Testifying before the Senate, Petraeus and Crocker stick to the script.

Testifying before the Senate, Petraeus and Crocker stick to the script.

Testifying before the Senate, Petraeus and Crocker stick to the script.

Military analysis.
April 8 2008 7:50 PM

Stonewall Petraeus

Testifying before the Senate, the general sticks to the script.

Gen. David Petraeus. Click image to expand.
Gen. David Petraeus

Judging from Gen. David Petraeus' Senate testimony today, our military commitment to Iraq is open-ended and unconditional.

The "pause" in troop withdrawals, after the surge brigades go home this July, will not be "brief"—as some officials have hoped—but indefinite.
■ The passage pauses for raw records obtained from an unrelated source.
(* Let $F$ be any probability distribution on $[0,\infty)$ with finite mean $\mu=\mathbb{E}[S]>0$. Then for every price $p\in\mathbb{R}_+$, $\mathsf{W}(\mu,F)\ge \mathsf{W}(p,F)$; i.e., posting the mean $p^*=\mu$ is a welfare-maximizing fixed price.
   Context: Symmetric bilateral trade: $B,S$ i.i.d. with distribution $F$ (cumulative distribution function also denoted $F$). Posting price $p$, trade occurs iff $B>p\ge S$. Welfare: $\mathsf{W}(p,F)=\mathbb{E}[S]+\mathbb{E}[(B-S)\mathbf 1_{B>p\ge S}]$. *)

From HB Require Import structures.
From mathcomp Require Import all_boot all_order all_algebra.
From mathcomp Require Import all_classical all_reals all_analysis.
Set Implicit Arguments. Unset Strict Implicit. Unset Printing Implicit Defensive.
Import Order.TTheory GRing.Theory Num.Theory.
Local Open Scope classical_set_scope.
Local Open Scope ring_scope.

(* B and S are i.i.d. with law F, so the joint law of (B,S) is the
   product measure P \x P on R * R, with z.1 = B and z.2 = S. *)
Definition welfare (R : realType) (P : probability R R) (p : R) : \bar R :=
  ((\int[P]_s (s%:E)) +
   \int[(P \x P)%E]_z ((if (p < z.1) && (z.2 <= p) then z.1 - z.2 else 0)%:E))%E.

From HB Require Import structures.
From mathcomp Require Import all_boot all_order all_algebra.
From mathcomp Require Import all_classical all_reals all_analysis.
From mathcomp Require Import measurable_realfun.
From mathcomp Require Import lra ring.
Import Order.TTheory GRing.Theory Num.Theory.
Local Open Scope classical_set_scope.
Local Open Scope ring_scope.

(* Write m for the mean of the value distribution P and 1_{s <= p} for the
   indicator [below p].  By Fubini, integrating out the buyer's value b first,
   the gains from trade at price p are
       E[(B - S) 1_{B > p >= S}] = E[(m - S) 1_{S <= p}],
   because every integral that occurs is of the form E[(a S + c) w(S)] for an
   affine function and a weight w in {1, 1_{S <= p}}, and these integrals are
   linear in (a, c).  Hence W(p) = m + E[(m - S) 1_{S <= p}], and pointwise
   (m - s) 1_{s <= p} <= (m - s) 1_{s <= m}: the price p = m collects exactly
   the nonnegative part of the integrand. *)

Section welfare_at_the_mean.
Context (R : realType) (P : probability R R).
Hypothesis P_integrable_id : P.-integrable setT (fun x : R => x%:E).

Let E (f : R -> R) : R := Rintegral P setT f.
Let mean : R := E id.

Definition below (p x : R) : R := if x <= p then 1 else 0.

Lemma measurable_below (p : R) : measurable_fun setT (below p).
Proof. by apply: measurable_fun_ifT => //; exact: measurable_fun_ler. Qed.

Lemma norm_below_le1 (p x : R) : `|below p x| <= 1.
Proof. by rewrite /below; case: ifP; rewrite ?normr1 ?normr0. Qed.

(* Since P has a first moment, anything dominated by a |x| + c is integrable. *)
Lemma integrable_affine_dominated (g : R -> R) (a c : R) :
  measurable_fun setT g -> (forall x, `|g x| <= a * `|x| + c) ->
  P.-integrable setT (EFin \o g).
Proof.
move=> mg g_le.
have int_bound : P.-integrable setT (EFin \o (fun x => a * `|x| + c)).
  have int_norm : P.-integrable setT (EFin \o (Num.norm \o id)).
    exact: integrable_norm.
  have := integrableD measurableT (integrableZl measurableT a int_norm)
    (finite_measure_integrable_cst P c measurableT).
  by apply: eq_integrable.
apply: le_integrable int_bound => //; first exact/measurable_EFinP.
by move=> x _ /=; rewrite lee_fin (le_trans (g_le x)) // ler_norm.
Qed.

Lemma integral_EFin (f : R -> R) : P.-integrable setT (EFin \o f) ->
  (\int[P]_x (f x)%:E)%E = (E f)%:E.
Proof. by move=> h; rewrite /E /Rintegral fineK //; exact: integrable_fin_num. Qed.

Section weighted_affine.
Variable w : R -> R.
Hypothesis measurable_w : measurable_fun setT w.
Hypothesis norm_w_le1 : forall x, `|w x| <= 1.

Lemma integrable_weighted_affine (a c : R) :
  P.-integrable setT (EFin \o (fun x => (a * x + c) * w x)).
Proof.
apply: (integrable_affine_dominated _ `|a| `|c|).
  apply: (measurable_funM (f := fun x => a * x + c)) => //.
  by apply: measurable_funD => //; exact: measurable_funM.
move=> x; rewrite normrM -[leRHS]mulr1.
by apply: ler_pM => //; rewrite (le_trans (ler_normD _ _)) // normrM.
Qed.

Lemma Rintegral_weighted_affine (a c : R) :
  E (fun x => (a * x + c) * w x) = a * E (fun x => x * w x) + c * E w.
Proof.
have int_xw : P.-integrable setT (EFin \o (fun x => x * w x)).
  by apply: eq_integrable (integrable_weighted_affine 1 0) => // x _ /=;
     rewrite mul1r addr0.
have int_w : P.-integrable setT (EFin \o w).
  by apply: eq_integrable (integrable_weighted_affine 0 1) => // x _ /=;
     rewrite mul0r add0r mul1r.
rewrite /E (eq_Rintegral _ (g := fun x : R => a * (x * w x) + c * w x)); last first.
  by move=> x _; ring.
rewrite RintegralD //; [|exact: (integrableZl measurableT a int_xw)
                        |exact: (integrableZl measurableT c int_w)].
by rewrite !RintegralZl.
Qed.

End weighted_affine.

Lemma measurable_one : measurable_fun setT (fun _ : R => 1 : R).
Proof. exact: measurable_cst. Qed.

Lemma norm_one_le1 (x : R) : `|(fun _ : R => 1 : R) x| <= 1.
Proof. by rewrite normr1. Qed.

Lemma Rintegral_affine (a c : R) : E (fun x => a * x + c) = a * mean + c.
Proof.
have -> : E (fun x => a * x + c) = E (fun x => (a * x + c) * 1).
  by apply: eq_Rintegral => x _; rewrite mulr1.
rewrite (Rintegral_weighted_affine _ measurable_one norm_one_le1).
have -> : E (fun x => x * 1) = mean by apply: eq_Rintegral => x _; rewrite mulr1.
have -> : E (fun _ => 1) = 1.
  rewrite /E Rintegral_cst // mul1r -[RHS]/(fine 1%E); congr fine.
  exact: probability_setT.
by rewrite mulr1.
Qed.

Let mass (p : R) : R := E (below p).
Let partial_mean (p : R) : R := E (fun x => x * below p x).

Lemma Rintegral_below (p a c : R) :
  E (fun x => (a * x + c) * below p x) = a * partial_mean p + c * mass p.
Proof. exact: Rintegral_weighted_affine _ (measurable_below p) (norm_below_le1 p) a c. Qed.

(* Gains when the seller's value is s: integrate out the buyer's value b,
   writing 1_{b > p} = 1 - 1_{b <= p} so that both pieces are weighted affine. *)
Lemma gain_given_seller (p s : R) :
  (\int[P]_b ((if (p < b) && (s <= p) then b - s else 0)%:E))%E =
  (below p s * ((mean - s) - (partial_mean p - s * mass p)))%:E.
Proof.
have int_affine : P.-integrable setT (EFin \o (fun b => (1 * b + - s) * 1)).
  exact: integrable_weighted_affine _ measurable_one norm_one_le1 _ _.
have int_below := integrable_weighted_affine _ (measurable_below p)
  (norm_below_le1 p) 1 (- s).
have int_diff := integrableB measurableT int_affine int_below.
rewrite (eq_integral (fun b : R => (below p s *
    ((1 * b + - s) * 1 - (1 * b + - s) * below p b))%:E)); last first.
  by move=> b _; rewrite /below ltNge; case: (b <= p); case: (s <= p) => /=;
     rewrite ?mulr1 ?mulr0 ?mul1r ?mul0r ?subr0 ?subrr.
rewrite integral_EFin; last exact: (integrableZl measurableT (below p s) int_diff).
rewrite /E RintegralZl // RintegralB // -/(E _) -/(E _).
have -> : E (fun b => (1 * b + - s) * 1) = E (fun b => 1 * b + - s).
  by apply: eq_Rintegral => x _; rewrite mulr1.
by rewrite Rintegral_affine Rintegral_below; congr EFin; ring.
Qed.

Lemma gains_from_trade (p : R) :
  (\int[(P \x P)%E]_z ((if (p < z.1) && (z.2 <= p) then z.1 - z.2 else 0)%:E))%E =
  (E (fun s => (mean - s) * below p s))%:E.
Proof.
rewrite fubini_tonelli2 //; last 2 first.
- apply/measurable_EFinP; apply: measurable_fun_ifT.
  + by apply: measurable_and; [apply: measurable_fun_ltr|apply: measurable_fun_ler].
  + by apply: measurable_funB; [exact: measurable_fst|exact: measurable_snd].
  + exact: measurable_cst.
- move=> z; rewrite lee_fin; case: ifP => // /andP[lt_pb le_sp].
  by rewrite subr_ge0 (le_trans le_sp (ltW lt_pb)).
rewrite /fubini_G (eq_integral _ _ (fun s _ => gain_given_seller p s)).
rewrite (eq_integral (fun s : R => ((((mass p - 1) * s + (mean - partial_mean p)))
    * below p s)%:E)); last by move=> s _; congr EFin; ring.
rewrite integral_EFin; last first.
  exact: integrable_weighted_affine _ (measurable_below p) (norm_below_le1 p) _ _.
have -> : (fun s => (mean - s) * below p s) =
    (fun s => (-1 * s + mean) * below p s) by apply/funext => s; ring.
by rewrite !Rintegral_below; congr EFin; ring.
Qed.

Lemma welfare_closed_form (p : R) :
  welfare P p = (mean + E (fun s => (mean - s) * below p s))%:E.
Proof. by rewrite /welfare gains_from_trade integral_EFin //= EFinD. Qed.

(* For any threshold m, E[(m - S) 1_{S <= p}] is maximized at p = m,
   because the integrand is pointwise maximal there. *)
Lemma signed_gain_max (m p : R) :
  E (fun s => (m - s) * below p s) <= E (fun s => (m - s) * below m s).
Proof.
have int_signed q : P.-integrable setT (EFin \o (fun s => (m - s) * below q s)).
  apply: eq_integrable (integrable_weighted_affine _ (measurable_below q)
    (norm_below_le1 q) (-1) m) => // s _ /=; congr EFin; ring.
apply: le_Rintegral => // s _; rewrite /below.
by case: (leP s p) => _; case: (leP s m) => hsm; rewrite ?mulr1 ?mulr0; lra.
Qed.

End welfare_at_the_mean.

Theorem proposition4 (R : realType) (P : probability R R) (mu : R) :
  P [set x : R | x < 0] = 0%E ->
  P.-integrable setT (fun x : R => x%:E) ->
  (\int[P]_x (x%:E) = mu%:E)%E ->
  0 < mu ->
  forall p : R, 0 <= p -> (welfare P p <= welfare P mu)%E.
Proof.
move=> _ P_int P_mean _ p _.
have mean_mu : Rintegral P setT id = mu by rewrite /Rintegral P_mean.
rewrite !welfare_closed_form // mean_mu lee_fin lerD2l.
exact: signed_gain_max.
Qed.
The way that Petraeus and Ambassador Ryan Crocker formulated the problem, cutting troops below the current level of 140,000 is not even a conceivable option. They laid out a Catch-22: If things in Iraq get worse, we can't cut back, lest things get worse still; if things get better, we can't cut back, lest we risk reversing all our gains.

In hearings before two Senate committees today—armed services in the morning, foreign relations this afternoon—Petraeus sought to convey a sense of control, complexity, and precision, displaying detailed charts and uttering seemingly scientific jargon ("conditions-based analysis … battlefield geometry … the politico-military calculus").

Yet, at a telling moment this morning, Sen. Hillary Clinton asked him under what conditions he would recommend reducing troop levels. Petraeus couldn't, or wouldn't, answer the question, noting, "It's not a mathematical exercise."

That's true, but, for the Bush administration, it doesn't seem to be an exercise at all. Sen. Joseph Biden, chairman of the foreign relations committee, later tried to squeeze an answer to the same question from Crocker—what are the conditions that might permit a phased withdrawal—again to no avail.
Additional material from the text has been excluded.